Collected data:
(* Let $m,n\ge 1$. There exist a constant tensor $\mathbf W=(w_{ijk})\in\mathbb R^{m\times n\times mn}$ and a constant matrix $\mathbf Q\in\mathbb R^{n\times mn}$ such that for every entrywise non-negative matrix $\mathbf X=(x_{ij})\in\mathbb R_{\ge 0}^{m\times n}$ the following holds: defining $y_{ik}=\sum_{j=1}^n x_{ij}w_{ijk}$ for $i\in\{1,\dots,m\}$, $k\in\{1,\dots,mn\}$, and $\hat y_k=\max_{1\le i\le m}y_{ik}$, we have $$\Big(\sum_{i=1}^m x_{ij}\Big)_{j=1}^n=\mathbf Q\,(\hat y_k)_{k=1}^{mn}.$$
   Context: $\mathbf W$ and $\mathbf Q$ do not depend on $\mathbf X$; they depend only on $m$ and $n$. *)

From HB Require Import structures.
From mathcomp Require Import all_boot all_order all_algebra.
Set Implicit Arguments. Unset Strict Implicit. Unset Printing Implicit Defensive.
Import Order.TTheory GRing.Theory Num.Theory.
Local Open Scope ring_scope.

(* Maximum over a nonempty ordinal range 'I_m (m > 0), seeded with the value
   at index 0 (Num.max is idempotent, so this is the true maximum). *)
Definition ordmax (R : realDomainType) (m : nat) (hm : (0 < m)%N)
  (F : 'I_m -> R) : R :=
  \big[Num.max/F (Ordinal hm)]_(i < m) F i.

From HB Require Import structures.
From mathcomp Require Import all_boot all_order all_algebra.
Import Order.TTheory GRing.Theory Num.Theory.
Local Open Scope ring_scope.

(* Index the m*n output channels k by the pairs (i, j)
   through the bijection [mxvec_index : 'I_m -> 'I_n -> 'I_(m*n)].  The
   weight tensor [copy_weights] makes channel k = (i, j) copy the entry
   x_ij into row i and put 0 into every other row, so
   y_{i',(i,j)} = [i' = i] * x_ij.  Since X is non-negative, the maximum
   over rows of channel (i, j) is attained at row i and equals x_ij: the
   max-pooled vector yhat is just X flattened.  The matrix [column_summer]
   then recovers each column sum  sum_i x_ij  by adding up the channels
   (i, j), i = 1..m. *)

Section OrdMax.
Variables (R : realDomainType) (m : nat) (hm : (0 < m)%N).

Lemma ordmax_eq (F : 'I_m -> R) (i : 'I_m) :
  (forall k, F k <= F i) -> ordmax hm F = F i.
Proof.
move=> F_le; apply: le_anti; rewrite /ordmax le_bigmax andbT.
by apply: bigmax_le => // k _; exact: F_le.
Qed.

End OrdMax.

Section CopyConstruction.
Variables (R : pzRingType) (m n : nat).

Definition copy_weights (i : 'I_m) (j : 'I_n) (k : 'I_(m * n)) : R :=
  (k == mxvec_index i j)%:R.

Definition column_summer : 'M[R]_(n, m * n) :=
  \matrix_(j, k) \sum_(i < m) (k == mxvec_index i j)%:R.

Lemma mxvec_index_inj (i i' : 'I_m) (j j' : 'I_n) :
  mxvec_index i j = mxvec_index i' j' -> i = i' /\ j = j'.
Proof. by rewrite /mxvec_index => /cast_ord_inj /enum_rank_inj [-> ->]. Qed.

Lemma copy_channel (X : 'M[R]_(m, n)) (i i' : 'I_m) (j : 'I_n) :
  \sum_(j' < n) X i' j' * copy_weights i' j' (mxvec_index i j)
  = if i' == i then X i j else 0.
Proof.
rewrite /copy_weights; case: eqP => [->|ne_i].
  rewrite (bigD1 j) //= eqxx mulr1 big1 ?addr0 // => j' ne_j.
  case: eqP => [/mxvec_index_inj [_ eq_j]|_]; last by rewrite mulr0.
  by rewrite eq_j eqxx in ne_j.
rewrite big1 // => j' _.
case: eqP => [/mxvec_index_inj [eq_i _]|_]; last by rewrite mulr0.
by rewrite eq_i in ne_i.
Qed.

Lemma column_summer_mul (v : 'cV[R]_(m * n)) (j : 'I_n) :
  (column_summer *m v) j 0 = \sum_(i < m) v (mxvec_index i j) 0.
Proof.
rewrite !mxE; under eq_bigr => k _ do rewrite mxE big_distrl /=.
rewrite exchange_big /=; apply: eq_bigr => i _.
rewrite (bigD1 (mxvec_index i j)) //= eqxx mul1r big1 ?addr0 // => k /negbTE ->.
by rewrite mul0r.
Qed.

End CopyConstruction.
Arguments copy_weights {R m n}.

Lemma copy_maxpool (R : realDomainType) (m n : nat) (hm : (0 < m)%N)
    (X : 'M[R]_(m, n)) (i : 'I_m) (j : 'I_n) :
  (forall i j, 0 <= X i j) ->
  ordmax hm (fun i' => \sum_(j' < n) X i' j' * copy_weights i' j' (mxvec_index i j))
  = X i j.
Proof.
move=> X_ge0; rewrite (@ordmax_eq _ _ hm _ i); first by rewrite copy_channel eqxx.
by move=> i'; rewrite !copy_channel eqxx; case: eqP.
Qed.

Theorem proposition3 (R : realFieldType) (m n : nat)
  (hm : (0 < m)%N) (hn : (0 < n)%N) :
  exists (W : 'I_m -> 'I_n -> 'I_(m * n) -> R) (Q : 'M[R]_(n, m * n)),
  forall X : 'M[R]_(m, n),
    (forall i j, 0 <= X i j) ->
    let y := fun (i : 'I_m) (k : 'I_(m * n)) => \sum_(j < n) X i j * W i j k in
    let yhat : 'cV[R]_(m * n) := \col_k ordmax hm (fun i => y i k) in
    (\col_j \sum_(i < m) X i j) = Q *m yhat.
Proof.
exists copy_weights, (column_summer R m n) => X X_ge0 y yhat.
apply/matrixP => j z; rewrite (ord1 z) column_summer_mul mxE.
by apply: eq_bigr => i _; rewrite mxE copy_maxpool.
Qed.
Section Selection.
Variables (R : realFieldType) (T : eqType).
Implicit Types (xs : seq T) (g : T -> R) (sel : pred T).

Lemma smallest_sum_le_sum_sel xs g sel :
  smallest_sum (count sel xs) (map g xs) <= \sum_(x <- xs | sel x) g x.
Proof.
rewrite -big_filter -(big_map g predT id) -size_filter -(size_map g).
apply: (sum_take_sorted_le_perm (v := map g (filter (predC sel) xs))).
  exact/sort_sorted/le_total.
by rewrite perm_sort -map_cat perm_map // perm_sym perm_filterC.
Qed.

Lemma smallest_sum_attained xs g (m : nat) : uniq xs -> (m <= size xs)%N ->
  exists sel, count sel xs = m /\
              \sum_(x <- xs | sel x) g x = smallest_sum m (map g xs).
Proof.
move=> uniq_xs le_m_xs; set ys := take m (sort (relpre g <=%R) xs).
have xs_ys : perm_eq (filter (mem ys) xs) ys.
  apply: uniq_perm; first by rewrite filter_uniq.
    by rewrite take_uniq // sort_uniq.
  move=> x; rewrite mem_filter andb_idr // => /mem_take.
  by rewrite mem_sort.
exists (mem ys); split.
  by rewrite -size_filter (perm_size xs_ys) size_take size_sort; case: ltngtP le_m_xs.
by rewrite -big_filter (perm_big _ xs_ys) /smallest_sum sort_map -map_take big_map.
Qed.

Definition min_choice_cost xs (W : T -> bool -> R) (m : nat) : R :=
  \sum_(x <- xs) W x false +
  smallest_sum m [seq W x true - W x false | x <- xs].

Lemma sum_choiceE xs (W : T -> bool -> R) sel :
  \sum_(x <- xs) W x (sel x) =
  \sum_(x <- xs) W x false + \sum_(x <- xs | sel x) (W x true - W x false).
Proof.
rewrite [X in _ + X]big_mkcond -big_split; apply: eq_bigr => x _ /=.
by case: (sel x); rewrite ?addr0 // addrCA subrr addr0.
Qed.
Lemma norm2_mulmx_le {m n} (A : 'M[R]_(m, n)) x : norm2 (A *m x) <= mxnorm2 A * norm2 x.
Proof.
have [->|xn0] := eqVneq x 0; first by rewrite mulmx0 !norm2_0 mulr0.
have x_gt0 : 0 < norm2 x.
  by rewrite lt_def norm2_ge0 andbT; apply: contra_neq xn0 => /norm2_eq0.
have x1 : norm2 ((norm2 x)^-1 *: x) <= 1.
  by rewrite norm2Z ger0_norm ?invr_ge0 ?norm2_ge0 // mulVf ?gt_eqF.
have : norm2 (A *m ((norm2 x)^-1 *: x)) <= mxnorm2 A.
  by apply: ub_le_sup; [exact: mxnorm2_has_ubound | exists ((norm2 x)^-1 *: x)].
rewrite -scalemxAr norm2Z ger0_norm ?invr_ge0 ?norm2_ge0 // => /(ler_wpM2r (ltW x_gt0)).
by rewrite mulrAC mulVf ?gt_eqF // mul1r.
Qed.

Section Loewner.
Context {n : nat} {G : 'M[R]_n} {beta : R}.
Hypotheses (beta_gt0 : 0 < beta) (betaG : loewner_le beta%:M G).

Lemma loewner_dot_ge x : beta * dot x x <= dot x (G *m x).
Proof. by have := betaG x; rewrite !quad_form_dot mul_scalar_mx dotZr. Qed.

Lemma loewner_unitmx : G \in unitmx.
Proof.
rewrite -unitmx_tr -row_free_unit; apply: inj_row_free => v.
move=> /(congr1 trmx); rewrite trmx_mul trmxK trmx0 => Gv0.
have := loewner_dot_ge v^T; rewrite Gv0 dot0r pmulr_rle0 // => vv0.
have vT0 : v^T = 0 by apply: dot_eq0; apply/eqP; rewrite eq_le vv0 dot_ge0.
by rewrite -[v]trmxK vT0 trmx0.
Qed.

Lemma norm2_invmx_loewner v : norm2 (invmx G *m v) <= norm2 v / beta.
Proof.
set y := invmx G *m v.
have Gy : G *m y = v by rewrite /y mulKVmx // loewner_unitmx.
have [y0|yn0] := eqVneq (norm2 y) 0; first by rewrite y0 divr_ge0 ?norm2_ge0 ?ltW.
have y_gt0 : 0 < norm2 y by rewrite lt_def yn0 norm2_ge0.
have := le_trans (loewner_dot_ge y) (dot_le_norm2 y (G *m y)).
rewrite -norm2_sqr expr2 mulrA [X in _ <= X]mulrC ler_pM2r // Gy => h.
by rewrite ler_pdivlMr // mulrC.
Qed.

End Loewner.
End MatrixDot.

Section BoundaryArgmin.
Context {R : realType} {n : nat} {Om : set 'cV[R]_n}.
Hypotheses (Om_compact : compact Om) (Om_neq0 : Om !=set0).

(* From an interior minimiser, a small step against g would decrease the form. *)
Lemma boundary_argmin_dot (g : 'cV[R]_n) : g != 0 ->
  exists2 c, boundary Om c & forall x, Om x -> dot g c <= dot g x.
Proof.
move=> gn0; have [c /set_mem Omc cmin] := compact_EVT_min Om_neq0 Om_compact
  (continuous_subspaceT (dot_continuous g)).
exists c => [|x Omx]; last exact/cmin/mem_set.
split; first exact: subset_closure.
move=> /nbhs_ballP [e /= e_gt0 sub].
set s := e / (`|g| + 1).
have s_gt0 : 0 < s by rewrite divr_gt0 // ltr_pwDr.
have : ball c e (c - s *: g).
  rewrite mx_norm_ball /ball_ /= opprB addrC subrK normrZ gtr0_norm //.
  by rewrite /s mulrAC ltr_pdivrMr ?ltr_pwDr // ltr_pM2l // ltrDl.
move=> /sub /mem_set /cmin; rewrite dotBr dotZr => h.
have : s * dot g g <= 0 by lra.
rewrite pmulr_rle0 // => gg0.
have /dot_eq0 g0 : dot g g = 0 by apply/eqP; rewrite eq_le gg0 dot_ge0.
by rewrite g0 eqxx in gn0.
Qed.

Lemma exists_boundary_argmin_dot (g : 'cV[R]_n) : (0 < n)%N ->
  exists2 c, boundary Om c & forall x, Om x -> dot g c <= dot g x.
Proof.
move=> n_gt0; have [->|gn0] := eqVneq g 0; last exact: boundary_argmin_dot.
have e0n0 : delta_mx (Ordinal n_gt0) 0 != 0 :> 'cV[R]_n.
  apply/negP => /eqP /matrixP /(_ (Ordinal n_gt0) 0).
  by rewrite !mxE !eqxx => /eqP; rewrite oner_eq0.
have [c bc _] := boundary_argmin_dot _ e0n0.
by exists c => // x _; rewrite !dot0l.
Qed.

End BoundaryArgmin.

Lemma divn_window {Nu k t : nat} : (0 < Nu)%N ->
  (k * Nu <= t < k * Nu + Nu)%N -> (t %/ Nu)%N = k.
Proof.
move=> Nu_gt0 /andP [kt tk]; rewrite -(subnKC kt) divnMDl // divn_small ?addn0 //.
by rewrite ltn_subLR.
Qed.

Lemma le_of_forall_le_addS {R : realType} (a b c : R) : 0 <= c ->
  (forall n, a <= b + c / n.+1%:R) -> a <= b.
Proof.
move=> c0 abc; apply/ler_addgt0Pr => e e_gt0.
have ce0 : 0 <= c / e by rewrite divr_ge0 // ltW.
set n := Num.bound (c / e); have := archi_boundP ce0; rewrite -/n => cen.
apply: le_trans (abc n) _; rewrite lerD2l ler_pdivrMr ?ltr0Sn // mulrC.
by rewrite -ler_pdivrMr // ltW // (lt_le_trans cen) // ler_nat.
Qed.
(* Let $X,Y\subset\mathbb{C}$ (with the Euclidean metric) and let $f:X\to Y$ be a homeomorphism, where $X$ is of bounded turning. Then $f$ is quasisymmetric if and only if there is a constant $C$ such that for every $x\in X$ and every $r>0$ the set $f(B(x,r))$ is $C$-roundish at $f(x)$.
   Context: $B(x,r)=\{y\in X:|y-x|\le r\}$ is the closed ball in $X$. $X$ is of bounded turning if there is $L>0$ such that any $z_1,z_2\in X$ are joined by a curve $[z_1,z_2]\subset X$ with $\operatorname{diam}[z_1,z_2]\le L|z_1-z_2|$. For $S\subset Y$ and $y\in S$, the inradius is $\operatorname{inr}(S,y)=\inf\{|y-w|:w\in Y\setminus S\}$; $S$ is $C$-roundish at $y$ if $\operatorname{diam}S\le C\operatorname{inr}(S,y)$. A homeomorphism $f$ is quasisymmetric if there is a homeomorphism $\eta:[0,\infty)\to[0,\infty)$ such that for all $t>0$ and $a,b,x\in X$, $|x-a|\le t|x-b|$ implies $|f(x)-f(a)|\le\eta(t)|f(x)-f(b)|$. *)

From mathcomp Require Import all_boot all_order all_algebra.
From mathcomp Require Import all_classical all_reals all_analysis.
From mathcomp Require Export complex.
Import Order.TTheory GRing.Theory Num.Theory.

Set Implicit Arguments.
Unset Strict Implicit.
Unset Printing Implicit Defensive.

Local Open Scope classical_set_scope.
Local Open Scope ring_scope.

Section Defs.
Variable R : realType.

Definition cdist (z w : R[i]) : R :=
  Num.sqrt (complex.Re (z - w) ^+ 2 + complex.Im (z - w) ^+ 2).

Definition rdist (a b : R) : R := `|a - b|.

(* f is a homeomorphism from S onto T (metric spaces with distances dA, dB):
   f maps S into T, is a bijection S -> T, is continuous on S, and its
   inverse is continuous on T (stated at the point f x, using that every
   point of T is of the form f x'). *)
Definition homeo_between {A B : Type} (dA : A -> A -> R) (dB : B -> B -> R)
  (S : set A) (T : set B) (f : A -> B) : Prop :=
  [/\ (forall x, S x -> T (f x)),
      (forall x y, S x -> S y -> f x = f y -> x = y),
      (forall y, T y -> exists2 x, S x & f x = y),
      (forall x, S x -> forall e, 0 < e -> exists2 d, 0 < d &
          forall x', S x' -> dA x' x < d -> dB (f x') (f x) < e) &
      (forall x, S x -> forall e, 0 < e -> exists2 d, 0 < d &
          forall x', S x' -> dB (f x') (f x) < d -> dA x' x < e)].

Definition diam (S : set R[i]) : \bar R :=
  ereal_sup [set e | exists a b, [/\ S a, S b & e = (cdist a b)%:E]].

(* inradius inr(S,y) = inf { |y - w| : w in Y \ S } (= +oo if Y \ S empty) *)
Definition inr (Y S : set R[i]) (y : R[i]) : \bar R :=
  ereal_inf [set e | exists2 w, (Y `\` S) w & e = (cdist y w)%:E].

Definition roundish (Y : set R[i]) (C : R) (S : set R[i]) (y : R[i]) : Prop :=
  (diam S <= C%:E * inr Y S y)%E.

Definition cball (X : set R[i]) (x : R[i]) (r : R) : set R[i] :=
  [set y | X y /\ cdist y x <= r].

Definition curve_in (X : set R[i]) (z1 z2 : R[i]) (gamma : R -> R[i]) : Prop :=
  [/\ gamma 0 = z1, gamma 1 = z2,
      (forall t, 0 <= t <= 1 -> X (gamma t)) &
      (forall t, 0 <= t <= 1 -> forall e, 0 < e -> exists2 d, 0 < d &
         forall s, 0 <= s <= 1 -> `|s - t| < d -> cdist (gamma s) (gamma t) < e)].

Definition bounded_turning (X : set R[i]) : Prop :=
  exists2 L : R, 0 < L & forall z1 z2, X z1 -> X z2 ->
    exists gamma, curve_in X z1 z2 gamma /\
      Order.le (diam (gamma @` [set t | 0 <= t <= 1])) ((L * cdist z1 z2)%:E).
(* For $t \in \{0,1,\dots,T\}$ let \[\varphi(t) := \sum_{s=1}^t \nabla L^s(\mathbf{w}^s)\cdot(\mathbf{w}^s - \mathbf{w}^{s+1}) + 19 m^2\gamma^2\eta (T-t) - 4\gamma\sum_{i=1}^m \ln w_i^{t+1},\] where $\nabla L^s(\mathbf{w}^s) = (\partial_1 L^s(\mathbf{w}^s),\dots,\partial_m L^s(\mathbf{w}^s))$. Fix $\alpha\in(0,1/2)$, $m$, $n$. For all sufficiently large $T$, in every run of Algorithm 1 in which the small gradient assumption holds, $\varphi(t)$ is a decreasing function of $t$.
   Context: Setting. There are $m$ experts and $n$ outcomes; $\Delta^k$ is the probability simplex in $\mathbb{R}^k$. For reports $\mathbf{p}^1,\dots,\mathbf{p}^m\in\Delta^n$ and $\mathbf{w}\in\Delta^m$, the logarithmic pool is $p^*_j(\mathbf{w}) = \frac{\prod_k (p^k_j)^{w_k}}{\sum_{\ell}\prod_k (p^k_\ell)^{w_k}}$. At each time $t\in[T]$, reports $\mathbf{p}^{t,1},\dots,\mathbf{p}^{t,m}$ and an outcome $j_t$ are revealed, with loss $L^t(\mathbf{w}) := -\ln p^*_{j_t}(\mathbf{w})$ and, by convention, $\partial_i L^t(\mathbf{w}) := \sum_{\ell} p^*_\ell(\mathbf{w}) \ln p^{t,i}_\ell - \ln p^{t,i}_{j_t}$. Algorithm 1 (parameter $\alpha \in (0,1/2)$): $R(\mathbf{w}) = -\frac{1}{\alpha}\sum_i w_i^\alpha$, $\eta = \frac{1}{\sqrt{T}\ln T}\cdot\frac{1}{12 m^{(1+\alpha)/2} n}$, $\mathbf{w}^1 = (1/m,\dots,1/m)$, $\eta_0=+\infty$. For $t=1,\dots,T$: if $\eta \le \min_i (w_i^t)^\alpha$ set $\eta_t = \min(\eta_{t-1},\eta)$, else $\eta_t = \min(\eta_{t-1}, \min_i w_i^t)$; then $\mathbf{w}^{t+1}\in\Delta^m$ is defined by $-(w_i^{t+1})^{\alpha-1} = -(w_i^t)^{\alpha-1} - \eta_t\partial_i L^t(\mathbf{w}^t) + c$ for all $i$, with $c$ the unique constant making $\sum_i w_i^{t+1}=1$. Let $\gamma := 12 n \ln T$. The small gradient assumption holds for a run if for every $t\in[T]$ and $i\in[m]$: $-\frac{\gamma}{w_i^t} \le \partial_i L^t(\mathbf{w}^t) \le \gamma$. *)

From HB Require Import structures.
From mathcomp Require Import all_boot all_order all_algebra.
From mathcomp Require Import all_classical all_reals all_analysis.
Set Implicit Arguments. Unset Strict Implicit. Unset Printing Implicit Defensive.
Import Order.TTheory GRing.Theory Num.Theory.
Local Open Scope ring_scope.

Section Defs.
Variable R : realType.
Variables m n : nat.

(* reports: p t i j = p^{t,i}_j ; outcomes: jt t = j_t *)
Definition reports := nat -> 'I_m -> 'I_n -> R.

Definition in_simplex_pos k (x : 'I_k -> R) : Prop :=
  (forall i, 0 < x i) /\ \sum_i x i = 1.

Definition logpool (p : reports) (t : nat) (w : 'I_m -> R) (j : 'I_n) : R :=
  (\prod_k (p t k j) `^ (w k)) / \sum_l \prod_k (p t k l) `^ (w k).
End PrimePowerOrder.

Section CanonicalTuples.

Variables (n : nat) (lam a : nat -> nat).
Hypothesis lam_incr : forall i, 1 <= i < n -> lam i < lam i.+1.
Hypothesis a_can : canonical n lam a.

Lemma coord_homo (T : Type) (f : nat -> T) (r : T -> T -> Prop) :
  (forall x, r x x) -> (forall y x z, r x y -> r y z -> r x z) ->
  (forall i, 1 <= i < n -> r (f i) (f i.+1)) ->
  forall i j, coord n i -> coord n j -> i <= j -> r (f i) (f j).
Proof.
move=> r_refl r_trans r_step i j ci cj.
apply: (@homo_leq_in T (coord n) f r r_refl r_trans) => //.
- by move=> u v; rewrite !unfold_in /coord => cu cv w; lia.
- by move=> u; rewrite !unfold_in /coord => cu cu1; apply: r_step; lia.
Qed.

Lemma lam_mono i j : coord n i -> coord n j -> i <= j -> lam i <= lam j.
Proof.
apply: (coord_homo (f := lam) (r := fun x y => x <= y)) => // [y x z|k /lam_incr/ltnW //].
exact: leq_trans.
Qed.

Lemma canonical_mono i j : coord n i -> coord n j -> i <= j -> a i <= a j.
Proof.
apply: (coord_homo (f := a) (r := fun x y => x <= y)) => // [y x z|k k_lt].
  exact: leq_trans.
by case: a_can => incr _; apply: (incr k.+1); lia.
Qed.

Lemma canonical_slope i j : coord n i -> coord n j -> i <= j ->
  a j + lam i <= a i + lam j.
Proof.
apply: (coord_homo (f := id) (r := fun i j => a j + lam i <= a i + lam j)) => //.
- by move=> y x z; lia.
- by case: a_can => _ slope k /slope; lia.
Qed.

Lemma canonical_cmp i j : coord n i -> coord n j ->
  a j <= a i \/ a j + lam i <= a i + lam j.
Proof.
move=> ci cj; have [ji | ij] := leqP j i.
  by left; apply: canonical_mono.
by right; apply: canonical_slope => //; exact: ltnW.
Qed.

Task requirements: Lines that contain "mulrAC" are the result; find them in the entries above and copy each one.

Reply to the task:
by rewrite mulrAC mulVf ?gt_eqF // mul1r.
  by rewrite /s mulrAC ltr_pdivrMr ?ltr_pwDr // ltr_pM2l // ltrDl.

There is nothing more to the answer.